I tell you all of this because I made these mistakes early on but never dreamed I was hurting more than I was helping. After all, everyone in the anti-trafficking movement was camped around the mission to stop it. And it is a good reason to fight but it cannot be the main reason we rally.

We have to rally because we love people. Because we believe in their value and dignity because we see them as as EQUALS, as PEERS because we see them as FRIENDS. The anti trafficking world has often bonded over outrage and anger as a means to fuel people to fight to abolish and yet the numbers increase in exploitation as well as staff and volunteer burnout.

I believe to fight against human trafficking the approach cannot be reactive but rather purposefully and sustainably approached. I think there is a need for the conversation to change in how we discuss Human Trafficking or raise awareness in the anti- trafficking movement.

While albeit well intentioned, the image or perception of what is happening and how to help has incidentally created an “us vs. them” mentality, in which the practitioners, volunteers, NGOs, etc . . . are on one side of the fight against slavery and the survivors are on the other. When in fact we are all on one side and are ending modern day slavery together. . .

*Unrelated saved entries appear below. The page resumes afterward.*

Theorem lemma22 (L : R) (T C : nat) (f : R -> R) (xs : nat -> R) (cs : nat -> bool) :
  0 < L -> (2 <= T)%nat ->
  (forall y z, 0 <= y <= 1 -> 0 <= z <= 1 -> Rabs (f y - f z) <= L * Rabs (y - z)) ->
  (forall y, 0 <= y <= 1 -> 0 <= f y <= L) ->
  (forall t, (1 <= t <= T)%nat -> 0 <= xs t <= 1) ->
  (length (filter cs (seq 1 T)) <= C)%nat ->
  forall (t : nat) (n : node),
    (1 <= t <= T)%nat ->
    event L T f xs cs t = Some (n, true) ->
    correcting_int L T f xs cs (nd n) (nk n) ->
    forall y, ilo n <= y <= ihi n -> Ylo n <= f y <= Yhi n.
Proof.
  intros HL _ Lip Rg Xs _ t n Ht Hev [_ [_ Hclean]].
  destruct (event_bisect_checked L T f xs cs t n Hev) as [Hq1 Hq2].
  apply (sound_range L f n); auto.
  apply (event_sound L T f xs cs HL Lip Rg Xs t n true Ht); auto.
  - intros n0 Hn0. apply state_sound; auto; lia.
  - intros s _. apply Hclean.
Qed.
Lemma nested_nonneg j l0 U f : (forall l, (l0 <= l)%nat -> fps_nonneg (f l)) ->
  fps_nonneg (nested j l0 U f).
Proof.
  revert l0. induction j as [|j IH]; intros l0 Hf; cbn [nested]; [apply Hf; lia|].
  apply fps_sum_nonneg. intros l Hl. apply in_seq in Hl.
  apply div_lin_nonneg; [apply lt_0_INR; lia|]. apply IH. intros; apply Hf; lia.
Qed.

Lemma nested_S_nonneg j l0 U f : (forall l, (l0 < l)%nat -> fps_nonneg (f l)) ->
  fps_nonneg (nested (S j) l0 U f).
Proof.
  intros Hf. cbn [nested]. apply fps_sum_nonneg. intros l Hl. apply in_seq in Hl.
  apply div_lin_nonneg; [apply lt_0_INR; lia|]. apply nested_nonneg. intros; apply Hf; lia.
Qed.

Lemma nested_le j l0 U f g : (forall l, (l0 <= l)%nat -> fps_nonneg (f l)) ->
  (forall l, (l0 <= l)%nat -> fps_le (f l) (g l)) -> fps_le (nested j l0 U f) (nested j l0 U g).
Proof.
  revert l0. induction j as [|j IH]; intros l0 Hf Hfg; cbn [nested]; [apply Hfg; lia|].
  intros b. apply lsum_le. intros l Hl. apply in_seq in Hl.
  apply div_lin_le; [apply lt_0_INR; lia|lra| |].
  - apply nested_nonneg. intros; apply Hf; lia.
  - apply IH; intros; [apply Hf|apply Hfg]; lia.
Qed.

Lemma nested_S_le j l0 U f g : (forall l, (l0 < l)%nat -> fps_nonneg (f l)) ->
  (forall l, (l0 < l)%nat -> fps_le (f l) (g l)) ->
  fps_le (nested (S j) l0 U f) (nested (S j) l0 U g).
Proof.
  intros Hf Hfg b. apply lsum_le. intros l Hl. apply in_seq in Hl.
  apply div_lin_le; [apply lt_0_INR; lia|lra| |].
  - apply nested_nonneg. intros; apply Hf; lia.
  - apply nested_le; intros; [apply Hf|apply Hfg]; lia.
Qed.

(** * An exact identity for the truncated sums *)

Definition telescoped (k N j : nat) : fps :=
  fps_sum (fun m => fps_scal (/ INR m ^ S (k - j)) (nested j 0 N (frac_prod m))) (seq 1 N).

Definition boundary (k N j : nat) : fps :=
  fps_sum (fun m => fps_scal (/ INR m ^ S (k - j)) (nested j 0 N (fun _ => frac_prod m N)))
          (seq 1 N).

Definition main_series (k N : nat) : fps := nested k 0 N (fun l => div_lin (INR l) fps_one).

Definition tail_series (k N : nat) : fps :=
  nested k 0 N (fun l => div_lin (INR l) (frac_prod N l)).

Lemma mzsv_trunc_telescoped k N n :
  mzsv_trunc N (S k :: repeat 1%nat n) = telescoped k N 0 n.
Proof.
  unfold telescoped, fps_sum, fps_scal. cbn [mzsv_trunc nested]. rewrite Nat.sub_0_r.
  apply lsum_ext_in. intros m _. rewrite frac_prod_0_coef. reflexivity.
Qed.

Lemma telescoped_S k N j : (j < k)%nat ->
  telescoped k N j = fps_add (telescoped k N (S j)) (boundary k N j).
Proof.
  intros Hj. unfold telescoped, boundary. rewrite <- fps_sum_add. apply fps_sum_ext.
  intros m Hm. apply in_seq in Hm. assert (Hm0 : INR m <> 0) by (apply not_0_INR; lia).
  assert (E : nested j 0 N (frac_prod m) =
              fps_scal (INR m) (nested j 0 N (fun l => fps_scal (/ INR m) (frac_prod m l)))).
  { rewrite nested_scal. extensionality b. unfold fps_scal. field. exact Hm0. }
  rewrite E, (nested_ext j 0 N _ (fun l =>
    fps_add (fps_sum (fun l' => div_lin (INR l') (frac_prod m l')) (seq (S l) (N - l)))
            (fps_scal (/ INR m) (frac_prod m N)))); [|intros; apply frac_prod_telescope_l; lia|lia].
  rewrite nested_add, nested_succ_inner, nested_scal.
  replace (S (k - S j)) with (k - j)%nat by lia.
  extensionality b. unfold fps_add, fps_scal. cbn [pow].
  assert (Hp : INR m ^ (k - j) <> 0) by (apply pow_nonzero, Hm0).
  set (p := INR m ^ (k - j)) in *. field. split; assumption.
Qed.

Lemma telescoped_decomp k N j : (j <= k)%nat ->
  telescoped k N 0 = fps_add (telescoped k N j) (fps_sum (boundary k N) (seq 0 j)).
Proof.
  induction j as [|j IH]; intros Hj.
  - extensionality b. unfold fps_add, fps_sum. cbn [seq]. rewrite lsum_nil. ring.
  - rewrite IH, telescoped_S by lia. extensionality b. unfold fps_add, fps_sum.
    rewrite lsum_seq_snoc, Nat.add_0_l. ring.
Qed.

Lemma telescoped_last k N : (1 <= k)%nat ->
  telescoped k N k = fps_sub (main_series k N) (tail_series k N).
Proof.
  intros Hk. unfold telescoped, main_series, tail_series. rewrite Nat.sub_diag.
  rewrite (fps_sum_ext _ (fun m => nested k 0 N (fun l => fps_scal (/ INR m) (frac_prod m l))))
    by (intros; rewrite nested_scal, pow_1; reflexivity).
  rewrite <- (nested_sum k 0 N (fun m l => fps_scal (/ INR m) (frac_prod m l))), <- nested_sub.
  destruct k as [|k]; [lia|]. apply nested_S_ext. intros l Hl.
  apply frac_prod_telescope_m. lia.
Qed.

Lemma mzsv_trunc_decomp k N n : (1 <= k)%nat ->
  mzsv_trunc N (S k :: repeat 1%nat n) =
  main_series k N n - tail_series k N n + lsum (fun j => boundary k N j n) (seq 0 k).
Proof.
  intros Hk. rewrite mzsv_trunc_telescoped, (telescoped_decomp k N k), telescoped_last by lia.
  reflexivity.
Qed.

(** * Weak compositions *)

Lemma lsum_weak_comps_S f k n : lsum f (weak_comps (S k) n) =
  lsum (fun a => lsum (fun a' => f (a :: a')) (weak_comps k (n - a))) (seq 0 (S n)).
Proof.
  cbn [weak_comps]. rewrite lsum_flat_map. apply lsum_ext_in. intros. apply lsum_map.
Qed.

Lemma lsum_weak_comps_0_tail (F : nat -> list nat -> R) n :
  lsum (fun c => lsum (F c) (weak_comps 0 (n - c))) (seq 0 (S n)) = F n [].
Proof.
  rewrite lsum_seq_snoc, Nat.add_0_l, Nat.sub_diag.
  rewrite (lsum_ext_in _ (fun _ => 0)), lsum_const; [cbn; ring|].
  intros c Hc. apply in_seq in Hc. cbn [weak_comps].
  destruct (Nat.eqb_spec (n - c) 0); [lia|reflexivity].
Qed.
Definition oadd (x y : oct) := Oct (qadd (o1 x) (o1 y)) (qadd (o2 x) (o2 y)).
Definition omul (x y : oct) :=
  Oct (qsub (qmul (o1 x) (o1 y)) (qmul (qconj (o2 y)) (o2 x)))
      (qadd (qmul (o2 y) (o1 x)) (qmul (o2 x) (qconj (o1 y)))).
Definition oconj (x : oct) := Oct (qconj (o1 x)) (qopp (o2 x)).
Definition oRe (x : oct) : R := qa (o1 x).
Definition oinner (x y : oct) : R := oRe (omul x (oconj y)).
Definition onorm2 (x : oct) : R := oinner x x.

(** Identification of O^2 with R^16: coordinates 0..7 give u, 8..15 give v. *)
Definition coord (p : 'rV[R]_16) (k : nat) : R := p ord0 (inord k).
Definition oct_at (p : 'rV[R]_16) (k : nat) : oct :=
  Oct (Quat (coord p k) (coord p (k + 1)) (coord p (k + 2)) (coord p (k + 3)))
      (Quat (coord p (k + 4)) (coord p (k + 5)) (coord p (k + 6)) (coord p (k + 7))).
Definition ucomp (p : 'rV[R]_16) : oct := oct_at p 0.
Definition vcomp (p : 'rV[R]_16) : oct := oct_at p 8.

Definition OH2 : set 'rV[R]_16 :=
  [set p | onorm2 (ucomp p) + onorm2 (vcomp p) < 1].

Definition ds2 (p X : 'rV[R]_16) : R :=
  let u := ucomp p in let v := vcomp p in
  let xi := ucomp X in let eta := vcomp X in
  (onorm2 xi * (1 - onorm2 v) + onorm2 eta * (1 - onorm2 u)
   + 2 * oRe (omul (omul u (oconj v)) (omul eta (oconj xi))))
  / (1 - onorm2 u - onorm2 v) ^+ 2.

Definition gOH (p X Y : 'rV[R]_16) : R :=
  (ds2 p (X + Y) - ds2 p X - ds2 p Y) / 2.

End Octonions.

Section Geometry.
Variable R : realType.
Local Notation V := 'rV[R]_16.

Definition unit_interval : set R := [set t | 0 <= t <= 1].

Fixpoint iter_dir (vs : seq V) (f : V -> R) : V -> R :=
  match vs with
  | [::] => f
  | v :: vs' => fun x => 'D_v (iter_dir vs' f) x
  end.

Definition smooth_on (U : set V) (f : V -> R) :=
  forall (vs : seq V) (x : V), U x -> differentiable (iter_dir vs f) x.

Definition path_connected (S : set V) :=
  forall x y, S x -> S y ->
    exists g : R -> V, {within unit_interval, continuous g} /\
      g @` unit_interval `<=` S /\ g 0 = x /\ g 1 = y.

Definition simply_connected (S : set V) :=
  S !=set0 /\ path_connected S /\
  forall f : R -> V,
    {within unit_interval, continuous f} -> f @` unit_interval `<=` S ->
    f 0 = f 1 ->
    exists H : R * R -> V,
      {within unit_interval `*` unit_interval, continuous H} /\
      H @` (unit_interval `*` unit_interval) `<=` S /\
      (forall s, unit_interval s -> H (s, 0) = f s /\ H (s, 1) = f 0) /\
      (forall t, unit_interval t -> H (0, t) = f 0 /\ H (1, t) = f 0).

Definition ebasis (i : 'I_16) : V := \row_(j < 16) (i == j)%:R.

End Geometry.

From Pilot Require Import Defs.
From HB Require Import structures.
From mathcomp Require Import all_boot all_order all_algebra.
From mathcomp Require Import all_classical all_reals all_analysis.
From mathcomp Require Import ring lra.
Import Order.TTheory GRing.Theory Num.Theory.
Import numFieldNormedType.Exports.
Local Open Scope classical_set_scope.
Local Open Scope ring_scope.
Section WellCovered.
Hypothesis wc : well_covered e.

Lemma well_covered_card I : maximal_independent e I -> #|I| = alpha e.
Proof.
move=> maxI.
have [A indA alphaA] : {A | independent e A & alpha e = #|A|}.
  by apply: eq_bigmax_cond; apply/card_gt0P; exists set0; exact: independent0.
have [Z maxZ sAZ] := maxset_exists indA.
rewrite (wc maxI maxZ) alphaA; apply/eqP.
rewrite eqn_leq [#|A| <= _]subset_leq_card // andbT -alphaA.
exact/leq_card_alpha/maximal_independentW.
Qed.

Lemma well_covered_cardsD I Z :
  maximal_independent e I -> maximal_independent e Z -> #|Z :\: I| = #|I :\: Z|.
Proof.
move=> maxI maxZ; have := wc maxI maxZ.
by rewrite (cardsD Z) (cardsD I) setIC; have := cardsUI I Z; lia.
Qed.

Lemma leq_card_neighbours_maximal I X :
  maximal_independent e I -> independent e X -> X \subset ~: I ->
  #|X| <= #|I :&: neighbours X|.
Proof.
move=> maxI indX /subsetP sXI.
have indI := maximal_independentW maxI.
set NX := I :&: neighbours X.
have indXI : independent e (X :|: (I :\: NX)).
  apply/independentP => x y /setUP [xX | /setDP [xI xNX]] /setUP [yX | /setDP [yI yNX]].
  - exact: (independentP _ indX).
  - apply: contraNN yNX => exy; rewrite inE yI in_neighbours.
    by apply/exists_inP; exists x.
  - apply: contraNN xNX => exy; rewrite inE xI in_neighbours.
    by apply/exists_inP; exists y; rewrite // e_sym.
  - exact: (independentP _ indI).
have [Z maxZ /subsetP sXIZ] := maxset_exists indXI.
have sXZI : X \subset Z :\: I.
  by apply/subsetP => x xX; rewrite inE sXIZ ?inE ?xX // andbT -in_setC sXI.
have sIZNX : I :\: Z \subset NX.
  apply/subsetP => x /setDP [xI xZ]; apply: contraNT xZ => xNX.
  by rewrite sXIZ // in_setU in_setD xNX xI orbT.
rewrite (leq_trans (subset_leq_card sXZI)) // (well_covered_cardsD maxI maxZ).
exact: subset_leq_card.
Qed.
(* Let $\mathscr{G}_n$ be a simple, verbose $\upsilon$-reduction grammar. Then for each production $G_n \to \chi[\sigma_1]\cdots[\sigma_w]$ of $\mathscr{G}_n$ whose right-hand side has closure width $w$ (with head $\chi$), either $\chi = N$ or $\chi = f(\alpha_1,\dots,\alpha_m)$ for some function symbol $f$ of arity $m$ other than the closure symbol $\cdot[\cdot]$.
   Context: $\lambda\upsilon$-terms: $t ::= \underline{n} \mid \lambda t \mid t\,t \mid t[s]$; substitutions $s ::= t/ \mid \Uparrow(s) \mid\ \uparrow$; indices $\underline{n} ::= \underline{0} \mid \mathtt{S}\,\underline{n}$. The $\upsilon$-rules: $(a b)[s] \to a[s](b[s])$; $(\lambda a)[s] \to \lambda(a[\Uparrow(s)])$; $\underline{0}[a/] \to a$; $(\mathtt{S}\,\underline{n})[a/] \to \underline{n}$; $\underline{0}[\Uparrow(s)] \to \underline{0}$; $(\mathtt{S}\,\underline{n})[\Uparrow(s)] \to \underline{n}[s][\uparrow]$; $\underline{n}[\uparrow] \to \mathtt{S}\,\underline{n}$. A term normalises in $k$ steps if leftmost-outermost $\upsilon$-reduction reaches a $\upsilon$-normal form in exactly $k$ steps. $\mathscr{F}$ is the ranked alphabet of $\lambda\upsilon$ symbols (application, closure $\cdot[\cdot]$ binary; $\lambda$, $\cdot/$, $\Uparrow$, $\mathtt{S}$ unary; $\uparrow,\underline{0}$ constants); $\mathscr{T}_{\mathscr{F}}(X)$ is the set of terms over $\mathscr{F}$ with variables from $X$. In a regular tree grammar with productions $X\to\alpha$, $L(\alpha)$ is the set of ground terms derivable from $\alpha$; a non-terminal is unambiguous if each ground term has at most one derivation from it; a production $X\to\alpha$ is self-referencing if $X$ occurs in $\alpha$, regular otherwise. $\Lambda$ has productions $T \to N \mid \lambda T \mid T T \mid T[S]$, $S \to T/ \mid \Uparrow(S) \mid \uparrow$, $N \to \underline{0} \mid \mathtt{S} N$. A $\upsilon$-reduction grammar $\mathscr{G}_n$ has axiom $G_n$, non-terminals $\{T,S,N,G_0,\dots,G_n\}$, contains all productions of $\Lambda$, and each $G_k$ ($0\le k\le n$) is unambiguous with $L(G_k)$ the set of terms normalising in exactly $k$ steps. It is simple if its self-referencing productions are productions of $\Lambda$ or of the form $G_k \to \lambda G_k \mid G_0 G_k \mid G_k G_0$, and each regular production $G_k\to\alpha$ has $\alpha \in \mathscr{T}_{\mathscr{F}}(\{T,S,N,G_0,\dots,G_{k-1}\})$. It is verbose if none of its productions has the form $X \to G_k[\sigma_1]\cdots[\sigma_w]$ for some $k$ and $w\ge 0$. A term $\alpha$ has closure width $w$ if $w$ is the largest non-negative integer such that $\alpha = \chi[\sigma_1]\cdots[\sigma_w]$ for some term $\chi$ (the head) and terms $\sigma_1,\dots,\sigma_w$. *)

From Stdlib Require Import List.
Import ListNotations.
Set Implicit Arguments.

(* App, Clos (the closure symbol _[_]) binary; Lam, Slash (_/), Lift (⇑),
   Succ (S) unary; Shift (↑), Zero (0) constants. *)
Inductive tm (V : Type) : Type :=
| Var   : V -> tm V
| Zero  : tm V
| Succ  : tm V -> tm V
| Lam   : tm V -> tm V
| App   : tm V -> tm V -> tm V
| Clos  : tm V -> tm V -> tm V
| Slash : tm V -> tm V
| Lift  : tm V -> tm V
| Shift : tm V.
Arguments Zero {V}.
Arguments Shift {V}.

Definition gtm := tm Empty_set.

Inductive is_ix : gtm -> Prop :=
| ix_zero : is_ix Zero
| ix_succ n : is_ix n -> is_ix (Succ n).

Inductive is_tm : gtm -> Prop :=
| tm_ix n : is_ix n -> is_tm n
| tm_lam a : is_tm a -> is_tm (Lam a)
| tm_app a b : is_tm a -> is_tm b -> is_tm (App a b)
| tm_clos a s : is_tm a -> is_sb s -> is_tm (Clos a s)
with is_sb : gtm -> Prop :=
| sb_slash a : is_tm a -> is_sb (Slash a)
| sb_lift s : is_sb s -> is_sb (Lift s)
| sb_shift : is_sb Shift.

Inductive rootstep : gtm -> gtm -> Prop :=
| r_app a b s : rootstep (Clos (App a b) s) (App (Clos a s) (Clos b s))
| r_lam a s : rootstep (Clos (Lam a) s) (Lam (Clos a (Lift s)))
| r_zslash a : rootstep (Clos Zero (Slash a)) a
| r_sslash n a : is_ix n -> rootstep (Clos (Succ n) (Slash a)) n
| r_zlift s : rootstep (Clos Zero (Lift s)) Zero
| r_slift n s : is_ix n -> rootstep (Clos (Succ n) (Lift s)) (Clos (Clos n s) Shift)
| r_shift n : is_ix n -> rootstep (Clos n Shift) (Succ n).

Definition redex (t : gtm) : Prop := exists u, rootstep t u.

Fixpoint nf (t : gtm) : Prop :=
  ~ redex t /\
  match t with
  | Var _ | Zero | Shift => True
  | Succ a | Lam a | Slash a | Lift a => nf a
  | App a b | Clos a b => nf a /\ nf b
  end.

(** one leftmost-outermost upsilon-step *)
Inductive lo_step : gtm -> gtm -> Prop :=
| lo_root t u : rootstep t u -> lo_step t u
| lo_succ a a' : lo_step a a' -> lo_step (Succ a) (Succ a')
| lo_lam a a' : lo_step a a' -> lo_step (Lam a) (Lam a')
| lo_slash a a' : lo_step a a' -> lo_step (Slash a) (Slash a')
| lo_lift a a' : lo_step a a' -> lo_step (Lift a) (Lift a')
| lo_appl a a' b : ~ redex (App a b) -> lo_step a a' -> lo_step (App a b) (App a' b)
| lo_appr a b b' : ~ redex (App a b) -> nf a -> lo_step b b' -> lo_step (App a b) (App a b')
| lo_closl a a' b : ~ redex (Clos a b) -> lo_step a a' -> lo_step (Clos a b) (Clos a' b)
| lo_closr a b b' : ~ redex (Clos a b) -> nf a -> lo_step b b' -> lo_step (Clos a b) (Clos a b').

Fixpoint lo_nsteps (k : nat) (t u : gtm) : Prop :=
  match k with
  | O => t = u
  | S k' => exists v, lo_step t v /\ lo_nsteps k' v u
  end.

Definition normalises_in (k : nat) (t : gtm) : Prop :=
  exists u, lo_nsteps k t u /\ nf u.

Inductive nt : Type := NT_T | NT_S | NT_N | NT_G (k : nat).

(** a grammar = its (boolean) set of productions X -> alpha *)
Definition grammar := nt -> tm nt -> bool.

(** derivations of a ground term from a right-hand side (derivation trees) *)
Inductive deriv (g : grammar) : tm nt -> gtm -> Type :=
| d_var X beta t : g X beta = true -> deriv g beta t -> deriv g (Var X) t
| d_zero : deriv g Zero Zero
| d_succ a a' : deriv g a a' -> deriv g (Succ a) (Succ a')
| d_lam a a' : deriv g a a' -> deriv g (Lam a) (Lam a')
| d_app a a' b b' : deriv g a a' -> deriv g b b' -> deriv g (App a b) (App a' b')
| d_clos a a' b b' : deriv g a a' -> deriv g b b' -> deriv g (Clos a b) (Clos a' b')
| d_slash a a' : deriv g a a' -> deriv g (Slash a) (Slash a')
| d_lift a a' : deriv g a a' -> deriv g (Lift a) (Lift a')
| d_shift : deriv g Shift Shift.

Over the years, I have sat across the table from women and men working in prostitution, women and men in prison, kids growing up in violent communities and later going on to steal to survive, young people trying to dodge gang life and young people succumbing to the pressure of gang life. I have listened to the stories of formerly incarcerated men and women trying to rebuild their lives after serving their time but coming against a society that won’t let them rebuild.

I have sat across the table from people who never thought they would leave home and country and become a refugee dependent on another nation’s generosity. And ALL of these stories and relationships have changed my life. Here’s the thing, there was a time that I didn’t know to think about human trafficking, exploitation in prostitution and pornography, mass incarceration, gang violence and recruitment, child marriage, etc . . . as more than heartbreaking issues of our day.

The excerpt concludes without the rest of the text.